Read original articleDeepseek is a Chinese AI startup that has gained attention for its R1 model, which outperformed OpenAI's offerings on various reasoning benchmarks. Founded by Liang Wenfeng, who previously led a successful hedge fund, Deepseek is fully funded by High-Flyer and focuses on foundational AI technology rather than commercial applications. The company has committed to open-sourcing its models and has initiated a price war in the Chinese AI market by offering low-cost API rates. Deepseek's innovative architectural advancements, such as multi-head latent attention and sparse mixture-of-experts, have significantly reduced inference costs, prompting major tech companies to lower their prices.
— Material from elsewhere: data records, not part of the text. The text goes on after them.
(* For every $r\ge3$ there is a bijection between the set of partitions of the highest root $\tilde\alpha_{C_r}=2\varepsilon_1$ of type $C_r$ into positive roots of $C_r$ and the set $\mathrm{JS}(\langle2\rangle,\langle2\rangle,r)$. In particular $K_{C_r}(\tilde\alpha_{C_r})=\mathsf{js}(\langle2\rangle,\langle2\rangle,r)$.
   Context: The positive roots of type $C_r$ are $\Phi^+_{C_r}=\{\varepsilon_i-\varepsilon_j,\ \varepsilon_i+\varepsilon_j:1\le i<j\le r\}\cup\{2\varepsilon_i:1\le i\le r\}\subset\mathbb{R}^r$; a partition of $\mu$ is a finite multiset of positive roots summing to $\mu$, and $K_{C_r}(\mu)$ is their number. A juggling state is a finitely supported integer vector $\langle s_1,s_2,\dots\rangle$ indexed by heights (trailing zeros omitted). A juggling sequence of length $n$ from $\mathbf{a}$ to $\mathbf{b}$ is a sequence $(\mathbf{s}_0,\dots,\mathbf{s}_n)$ with $\mathbf{s}_0=\mathbf{a}$, $\mathbf{s}_n=\mathbf{b}$ such that for each $i$ there are nonnegative integers $c^{(i)}_k$ (finitely many nonzero) with $\sum_k c^{(i)}_k=(\mathbf{s}_{i-1})_1$ and $(\mathbf{s}_i)_k=(\mathbf{s}_{i-1})_{k+1}+c^{(i)}_k$ for all $k\ge1$. $\mathrm{JS}(\mathbf{a},\mathbf{b},n)$ is the set of these and $\mathsf{js}$ its cardinality. *)

From HB Require Import structures.
From mathcomp Require Import all_boot all_order all_algebra.
Set Implicit Arguments. Unset Strict Implicit. Unset Printing Implicit Defensive.
Import Order.TTheory GRing.Theory Num.Theory.

Local Open Scope ring_scope.

(* Vectors of R^r with integer coordinates: row vectors 'rV[int]_r.
   Coordinate j (0-based) corresponds to epsilon_{j+1}. *)
Definition eps (r k : nat) : 'rV[int]_r := \row_(j < r) ((nat_of_ord j == k)%:R).

(* Index type for the positive roots of C_r:
   inl (i, j, false) : eps_i - eps_j  (i < j)
   inl (i, j, true)  : eps_i + eps_j  (i < j)
   inr i             : 2 eps_i *)
Definition rootC_idx (r : nat) : finType := (('I_r * 'I_r * bool) + 'I_r)%type.

Definition rootC_valid r (t : rootC_idx r) : bool :=
  match t with
  | inl (i, j, _) => (i < j)%N
  | inr _ => true
  end.

Definition rootC_vec r (t : rootC_idx r) : 'rV[int]_r :=
  match t with
  | inl (i, j, false) => eps r i - eps r j
  | inl (i, j, true) => eps r i + eps r j
  | inr i => eps r i *+ 2
  end.

(* A partition of mu: a finite multiset of positive roots (multiplicity function,
   supported on genuine positive roots) summing to mu. *)
Definition is_partitionC r (mu : 'rV[int]_r) (m : {ffun rootC_idx r -> nat}) : bool :=
  [forall t, ~~ rootC_valid t ==> (m t == 0%N)] &&
  (\sum_(t : rootC_idx r) rootC_vec t *+ m t == mu).

Definition PartC r (mu : 'rV[int]_r) := {m : {ffun rootC_idx r -> nat} | is_partitionC mu m}.

Definition highestC r : 'rV[int]_r := eps r 0 *+ 2.

(* Juggling states: finitely supported integer vectors <s_1, s_2, ...>,
   represented as seq int with trailing zeros omitted; s_k = nth 0 s k.-1. *)
Definition state_canonical (s : seq int) : bool := last 1 s != 0.

(* One throw step from s to t (0-based indices: height k+1 <-> index k). *)
Definition js_step (s t : seq int) : Prop :=
  exists c : seq nat,
    ((sumn c)%:Z = nth 0 s 0) /\
    (forall k : nat, nth 0 t k = nth 0 s k.+1 + (nth 0%N c k)%:Z).

Definition is_js (a b : seq int) (n : nat) (ss : seq (seq int)) : Prop :=
  [/\ size ss = n.+1,
      nth [::] ss 0 = a,
      nth [::] ss n = b,
      all state_canonical ss &
      forall i : nat, (i < n)%N -> js_step (nth [::] ss i) (nth [::] ss i.+1)].

Definition JS (a b : seq int) (n : nat) := {ss : seq (seq int) | is_js a b n ss}.

From HB Require Import structures.
From mathcomp Require Import all_boot all_order all_algebra.
From mathcomp Require Import zify ring.
From Stdlib Require Import ProofIrrelevance.
Set Implicit Arguments. Unset Strict Implicit. Unset Printing Implicit Defensive.
Import Order.TTheory GRing.Theory Num.Theory.
Local Open Scope ring_scope.

(* Both sets are in bijection with the flows of value 2 from 0 to r in the
   complete acyclic graph on {0, ..., r}: functions [arc a b] supported on
   a < b <= r, with outflow = inflow at every inner node, 2 units leaving 0
   and 2 units entering r.
   For juggling, [arc a b] counts the balls thrown at time a that land at
   time b; the state at time i lists the balls in the air, and two
   consecutive states determine the throws in between.  The final state <2>
   forces every ball to land at time r.
   For partitions, 2 eps_1 has coordinate sum 2; roots eps_a - eps_b
   contribute 0 and all other positive roots 2, so a partition consists of
   one root eps_a + eps_b or 2 eps_a and a multiset of roots eps_a - eps_b.
   The latter are the inner arcs a -> b, the former the arcs into r, and the
   coordinate equations of the partition are exactly flow conservation. *)

Fixpoint trim (s : seq int) : seq int :=
  if s is x :: s' then
    if (trim s' == [::]) && (x == 0) then [::] else x :: trim s'
  else [::].

Lemma nth_trim s k : nth 0 (trim s) k = nth 0 s k.
Proof.
elim: s k => [|x s IHs] k /=; first by rewrite !nth_nil.
case: ifP => [/andP[/eqP s0 /eqP ->]|_]; last by case: k.
by case: k => [|k] //=; rewrite -IHs s0 nth_nil.
Qed.

Lemma trim_canonical s : state_canonical (trim s).
Proof.
rewrite /state_canonical; elim: s => [|x s IHs] //=.
case: ifP => [//|]; case: (trim s) IHs => [|y t] //= _.
by move=> ->.
Qed.

Lemma canonical_behead x s : state_canonical (x :: s) -> state_canonical s.
Proof. by case: s. Qed.

Lemma canonical_nth0 t : state_canonical t -> (forall k, nth 0 t k = 0) -> t = [::].
Proof.
elim: t => [//|x t IHt] Ct t0.
have t_nil : t = [::] by apply: IHt => [|k]; [exact: canonical_behead Ct|exact: (t0 k.+1)].
by move: Ct (t0 0%N); rewrite t_nil /state_canonical /= => /negbTE/eqP.
Qed.

Lemma canonical_eq_from_nth s t : state_canonical s -> state_canonical t ->
  (forall k, nth 0 s k = nth 0 t k) -> s = t.
Proof.
elim: s t => [|x s IHs] [|y t] Cs Ct E.
- by [].
- by rewrite (canonical_nth0 Ct) // => k; rewrite -E nth_nil.
- by rewrite (canonical_nth0 Cs) // => k; rewrite E nth_nil.
congr cons; first exact: (E 0%N).
by apply: IHs => [||k]; [exact: canonical_behead Cs|exact: canonical_behead Ct|exact: (E k.+1)].
Qed.

Lemma big_only (R : Type) (idx : R) (op : Monoid.com_law idx) (I : finType)
    (F : I -> R) j :
  (forall i, i != j -> F i = idx) -> \big[op/idx]_i F i = F j.
Proof. by move=> Fj; rewrite (bigD1 j) //= big1 ?Monoid.mulm1 // => i /Fj. Qed.
Arguments big_only {R idx op I F} j.

Lemma sum_ord_trunc (F : nat -> nat) n N :
  (forall k, (n <= k)%N -> F k = 0%N) -> (n <= N)%N ->
  (\sum_(k < N) F k = \sum_(k < n) F k)%N.
Proof.
move=> F0 le_nN; rewrite -(subnKC le_nN) big_split_ord /=.
by rewrite [X in (_ + X)%N]big1 ?addn0 // => k _; apply: F0; rewrite leq_addr.
Qed.

Lemma sumn_nth_vanish (c : seq nat) n :
  (forall k, (n <= k)%N -> nth 0%N c k = 0%N) -> sumn c = (\sum_(k < n) nth 0%N c k)%N.
Proof.
move=> c0; rewrite sumnE (big_nth 0%N) big_mkord.
rewrite -(@sum_ord_trunc (nth 0%N c) (size c) (maxn (size c) n)) ?leq_maxl //;
  last by move=> k /(nth_default 0%N).
by rewrite (@sum_ord_trunc (nth 0%N c) n) ?leq_maxr.
Qed.

Lemma sum_nat_eq1 (I : finType) (F : I -> nat) : (\sum_i F i = 1)%N ->
  exists i0, F i0 = 1%N /\ forall i, i != i0 -> F i = 0%N.
Proof.
case: (pickP (fun i => F i != 0%N)) => [i0 Fi0|F0] sumF; last first.
  by move: sumF; rewrite big1 // => i _; apply/eqP/negbFE/F0.
move: sumF; rewrite (bigD1 i0) //= => sumF.
have Fi0_1 : F i0 = 1%N by move: Fi0 sumF; case: (F i0) => [|[|n]] //=; lia.
exists i0; split=> // i ne_ii0.
have /eqP : (\sum_(i | i != i0) F i = 0)%N by lia.
by rewrite sum_nat_eq0 => /forallP/(_ i); rewrite ne_ii0 => /implyP/(_ isT)/eqP.
Qed.

Section Flows.
Variable r : nat.
Implicit Types arc : nat -> nat -> nat.

Definition arc_support arc :=
  forall a b, ~~ ((a < b) && (b <= r))%N -> arc a b = 0%N.

Definition flow_conservation arc := forall i, (i < r)%N ->
  (\sum_(j < r.+1) arc i j = 2 * (i == 0%N) + \sum_(t < i) arc t i)%N.

Definition sink_inflow2 arc := (\sum_(t < r) arc t r = 2)%N.

Definition is_flow arc :=
  [/\ arc_support arc, flow_conservation arc & sink_inflow2 arc].

(* Balls at height k + 1 at time i: the two initial balls, and the balls
   thrown before time i that land at time i + k. *)
Definition flow_height arc i k : int :=
  (2 * (i + k == 0%N) + \sum_(t < i) arc t (i + k))%N%:Z.

Definition flow_state arc i : seq int := trim (mkseq (flow_height arc i) r.+2).

Definition flow_states arc : seq (seq int) := mkseq (flow_state arc) r.+1.

Lemma flow_out_shift arc i : arc_support arc -> (i <= r)%N ->
  (\sum_(j < r.+1) arc i j = \sum_(k < r - i) arc i (i + k.+1))%N.
Proof.
move=> supp le_ir; have -> : r.+1 = (i.+1 + (r - i))%N by lia.
rewrite big_split_ord /= big1 ?add0n => [|j _]; last first.
  by apply: supp; case: j => /= j; lia.
by apply: eq_bigr => k _; rewrite addSnnS.
Qed.

Lemma flow_height_succ arc i k :
  flow_height arc i.+1 k = flow_height arc i k.+1 + (arc i (i + k.+1)%N)%:Z.
Proof.
rewrite /flow_height big_ord_recr /= -PoszD addSnnS.
by have -> : (i + k.+1 == 0)%N = false by lia.
Qed.

Lemma nth_flow_state arc i k : arc_support arc ->
  nth 0 (flow_state arc i) k = flow_height arc i k.
Proof.
move=> supp; rewrite /flow_state nth_trim.
case: (ltnP k r.+2) => lt_k; first by rewrite nth_mkseq.
rewrite nth_default ?size_mkseq // /flow_height.
have -> : (i + k == 0)%N = false by lia.
by rewrite big1 // => t _; apply: supp; lia.
Qed.

Lemma flow_state0 arc : arc_support arc -> flow_state arc 0 = [:: Posz 2].
Proof.
move=> supp; apply: canonical_eq_from_nth; rewrite ?trim_canonical // => k.
rewrite nth_flow_state // /flow_height big_ord0 addn0 add0n.
by case: k => [|k] //=; rewrite nth_nil.
Qed.

Lemma flow_state_last arc : (0 < r)%N -> arc_support arc -> sink_inflow2 arc ->
  flow_state arc r = [:: Posz 2].
Proof.
move=> r_gt0 supp sink; apply: canonical_eq_from_nth; rewrite ?trim_canonical // => k.
rewrite nth_flow_state // /flow_height; case: k => [|k].
  by rewrite addn0 sink; have -> : (r == 0)%N = false by lia.
rewrite big1 => [|t _]; last by apply: supp; lia.
by rewrite addn0 /= nth_nil; have -> : (r + k.+1 == 0)%N = false by lia.
Qed.

Lemma flow_states_js arc : (0 < r)%N -> is_flow arc ->
  is_js [:: Posz 2] [:: Posz 2] r (flow_states arc).
Proof.
move=> r_gt0 [supp conserv sink]; split; rewrite /flow_states.
- by rewrite size_mkseq.
- by rewrite nth_mkseq // flow_state0.
- by rewrite nth_mkseq // flow_state_last.
- by apply/allP => s /mapP [i _ ->]; exact: trim_canonical.
move=> i lt_ir; rewrite !nth_mkseq ?ltnS ?(ltnW lt_ir) //.
pose c := mkseq (fun k => arc i (i + k.+1)) r.+1.
have nth_c k : nth 0%N c k = arc i (i + k.+1).
  case: (ltnP k r.+1) => lt_k; first by rewrite nth_mkseq.
  by rewrite nth_default ?size_mkseq // supp //; lia.
clearbody c; exists c; split=> [|k]; last by rewrite nth_c !nth_flow_state // flow_height_succ.
rewrite nth_flow_state // /flow_height addn0 -conserv //.
congr Posz; rewrite flow_out_shift ?(ltnW lt_ir) //.
rewrite (@sumn_nth_vanish c (r - i)) => [|k le_k]; last by rewrite nth_c supp //; lia.
by apply: eq_bigr => k _; rewrite nth_c.
Qed.

Lemma eq_flow_states arc1 arc2 : arc1 =2 arc2 -> flow_states arc1 = flow_states arc2.
Proof.
move=> eq_arc; apply: eq_mkseq => i; congr trim; apply: eq_mkseq => k.
by rewrite /flow_height; congr (Posz (_ + _)); apply: eq_bigr => t _; rewrite eq_arc.
Qed.

End Flows.

Section JugglingFlow.
Variables (r : nat) (ss : seq (seq int)).
Hypothesis ss_js : is_js [:: Posz 2] [:: Posz 2] r ss.
Hypothesis r_gt0 : (0 < r)%N.

Local Notation state i := (nth [::] ss i).

Definition js_throws i k : nat := absz (nth 0 (state i.+1) k - nth 0 (state i) k.+1)%R.

Definition js_arc a b : nat := if (a < b)%N then js_throws a (b - a.+1) else 0%N.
The company aims to develop artificial general intelligence (AGI) and emphasizes research over commercialization. Liang's leadership style is characterized by a hands-on approach, prioritizing original innovation and collaboration with young talent. Despite its low profile, Deepseek is recognized for its potential to drive significant advancements in AI technology, challenging the notion that Chinese firms primarily focus on application rather than innovation. The company’s strategy and achievements have garnered respect in the global AI community, positioning it as a formidable player in the industry.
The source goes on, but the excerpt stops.